PS - A long passage from a document that we can now throw into the garbage can: the Federalist. No. 48:


''The other State which I shall take for an example is Pennsylvania; and the other authority, the Council of Censors, which assembled in the years 1783 and 1784. A part of the duty of this body, as marked out by the constitution, was "to inquire whether the constitution had been preserved inviolate in every part; and whether the legislative and executive branches of government had performed their duty as guardians of the people, or assumed to themselves, or exercised, other or greater powers than they are entitled to by the constitution. '' In the execution of this trust, the council were necessarily led to a comparison of both the legislative and executive proceedings, with the constitutional powers of these departments; and from the facts enumerated, and to the truth of most of which both sides in the council subscribed, it appears that the constitution had been flagrantly violated by the legislature in a variety of important instances. A great number of laws had been passed, violating, without any apparent necessity, the rule requiring that all bills of a public nature shall be previously printed for the consideration of the people; although this is one of the precautions chiefly relied on by the constitution against improper acts of legislature. The constitutional trial by jury had been violated, and powers assumed which had not been delegated by the constitution. Executive powers had been usurped. The salaries of the judges, which the constitution expressly requires to be fixed, had been occasionally varied; and cases belonging to the judiciary department frequently drawn within legislative cognizance and determination. Those who wish to see the several particulars falling under each of these heads, may consult the journals of the council, which are in print. Some of them, it will be found, may be imputable to peculiar circumstances connected with the war; but the greater part of them may be considered as the spontaneous shoots of an ill-constituted government.

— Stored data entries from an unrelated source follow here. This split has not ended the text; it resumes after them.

(* The operadic partition poset $\Pi_{\mathcal{P}erm}(n)$ associated to the set operad $\mathcal{P}erm$ is isomorphic, for every $n\ge1$, to the poset $\Pi_P(n)$ of pointed partitions of $[n]$, via the identification sending the class of $e^m_i\times(x_1,\dots,x_m)$ in $\mathcal{P}erm_m(I)$ to the block $\{x_1,\dots,x_m\}$ with $x_i$ pointed.
   Context: The set operad $\mathcal{P}erm$ has $\mathcal{P}erm_n=\{e^n_1,\dots,e^n_n\}$, right $\mathbb{S}_n$-action $e^n_k\cdot\sigma=e^n_{\sigma^{-1}(k)}$, and composition $\mu(e^n_k;e^{i_1}_{j_1},\dots,e^{i_n}_{j_n})=e^{i_1+\cdots+i_n}_{i_1+\cdots+i_{k-1}+j_k}$. For a set operad $P$ and an $m$-element set $I$, $P_m(I)$ is the set of pairs $(\nu,f)$ with $\nu\in P_m$, $f:[m]\to I$ bijective, modulo $(\nu,f)\sim(\nu\sigma,f\sigma^{-1})$ (the class of $(\nu,f)$ is written $\nu\times(f(1),\dots,f(m))$). For $C_r=[(\nu_r,f_r)]\in P(I_r)$ and $\nu\in P_t$, $\tilde\mu(\nu;C_1,\dots,C_t)$ is the class of $(\mu(\nu;\nu_1,\dots,\nu_t),f)$ with $f$ the concatenation of the $f_r$. A $P$-partition of $[n]$ is a set $\{B_j\in P(I_j)\}$ with $\{I_j\}$ a set partition of $[n]$; $\Pi_P(n)$ is ordered by $\{B_k\in P(I_k)\}\le\{C_l\in P(J_l)\}$ iff each $I_k$ is partitioned by some $J_{p_1},\dots,J_{p_t}$ with $B_k=\tilde\mu(\nu;C_{p_1},\dots,C_{p_t})$ for some $\nu\in P_t$. A pointed partition of $[n]$ is a set partition of $[n]$ in which exactly one element of each block is emphasized (pointed). In $\Pi_P(n)$, $\lambda\le\mu$ iff $\mu$ refines $\lambda$ as a partition and the pointed elements of $\lambda$ are all pointed in $\mu$. *)

From mathcomp Require Import all_boot all_fingroup.
Set Implicit Arguments.
Unset Strict Implicit.
Unset Printing Implicit Defensive.

Local Open Scope group_scope.

Section PermOperad.
Variable n : nat.

(* A representative of an element of Perm_m(I) : a pair (nu, f) with
   nu = e^m_{k+1} encoded by k : 'I_m (0-based), and f : 'I_m -> 'I_n
   (a bijection onto its image I).  m ranges over 0..n. *)
Definition repfam (m : 'I_n.+1) : finType := ('I_m * {ffun 'I_m -> 'I_n})%type.
Definition rep : finType := {m : 'I_n.+1 & repfam m}.

Definition rsize (r : rep) : nat := tag r.
Definition rop (r : rep) : nat := val (tagged r).1.
Definition rseq (r : rep) : seq 'I_n := [seq (tagged r).2 i | i <- enum 'I_(tag r)].
Definition rvalid (r : rep) : bool := uniq (rseq r).
Definition rsupp (r : rep) : {set 'I_n} := [set x in rseq r].

(* Right S_m-action on representatives: (nu, f) . s = (nu . s, f o s),
   with the Perm action e^m_k . s = e^m_{s^-1(k)}. *)
Definition ract (r : rep) (s : {perm 'I_(tag r)}) : rep :=
  @Tagged _ (tag r) repfam (s^-1 (tagged r).1, [ffun i => (tagged r).2 (s i)]).

Arguments ract : clear implicits.

Definition rclass (r : rep) : {set rep} :=
  [set r' | [exists s : {perm 'I_(tag r)}, r' == ract r s]].

Definition Pblock (C : {set rep}) : Prop := exists2 r, rvalid r & C = rclass r.

Definition csupp (C : {set rep}) : {set 'I_n} := \bigcup_(r in C) rsupp r.

Definition PermPartition (X : {set {set rep}}) : Prop :=
  [/\ forall C, C \in X -> Pblock C,
      partition [set csupp C | C in X] [set: 'I_n] &
      {in X &, injective csupp}].

(* r is (a representative of) mu(e^t_{k+1}; r_1,...,r_t) with concatenated f:
   the operation is e^{i_1+..+i_t}_{i_1+..+i_k + j_{k+1}}. *)
Definition composite (k : nat) (rs : seq rep) (r : rep) : Prop :=
  k < size rs /\
  rseq r = flatten (map rseq rs) /\
  exists rk rest, drop k rs = rk :: rest /\
                  rop r = sumn (map rsize (take k rs)) + rop rk.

It appears, also, that the executive department had not been innocent of frequent breaches of the constitution. There are three observations, however, which ought to be made on this head: FIRST, a great proportion of the instances were either immediately produced by the necessities of the war, or recommended by Congress or the commander-in-chief; SECONDLY, in most of the other instances, they conformed either to the declared or the known sentiments of the legislative department; THIRDLY, the executive department of Pennsylvania is distinguished from that of the other States by the number of members composing it. In this respect, it has as much affinity to a legislative assembly as to an executive council. And being at once exempt from the restraint of an individual responsibility for the acts of the body, and deriving confidence from mutual example and joint influence, unauthorized measures would, of course, be more freely hazarded, than where the executive department is administered by a single hand, or by a few hands.

The conclusion which I am warranted in drawing from these observations is, that a mere demarcation on parchment of the constitutional limits of the several departments, is not a sufficient guard against those encroachments which lead to a tyrannical concentration of all the powers of government in the same hands.

1 comment:

Tutor said...

Those who don't feel outrage, had better cower and conform, because every rule of decency is now revealed as no more than a paper fiction. Power has learned it can do as it pleases, with only the most empty, half-hearted and ritualistic protest. We bloggers, a few of us, are about the last bulwark of democracy. About time, things clarified themselves. Wealth Bondage is learning its own name.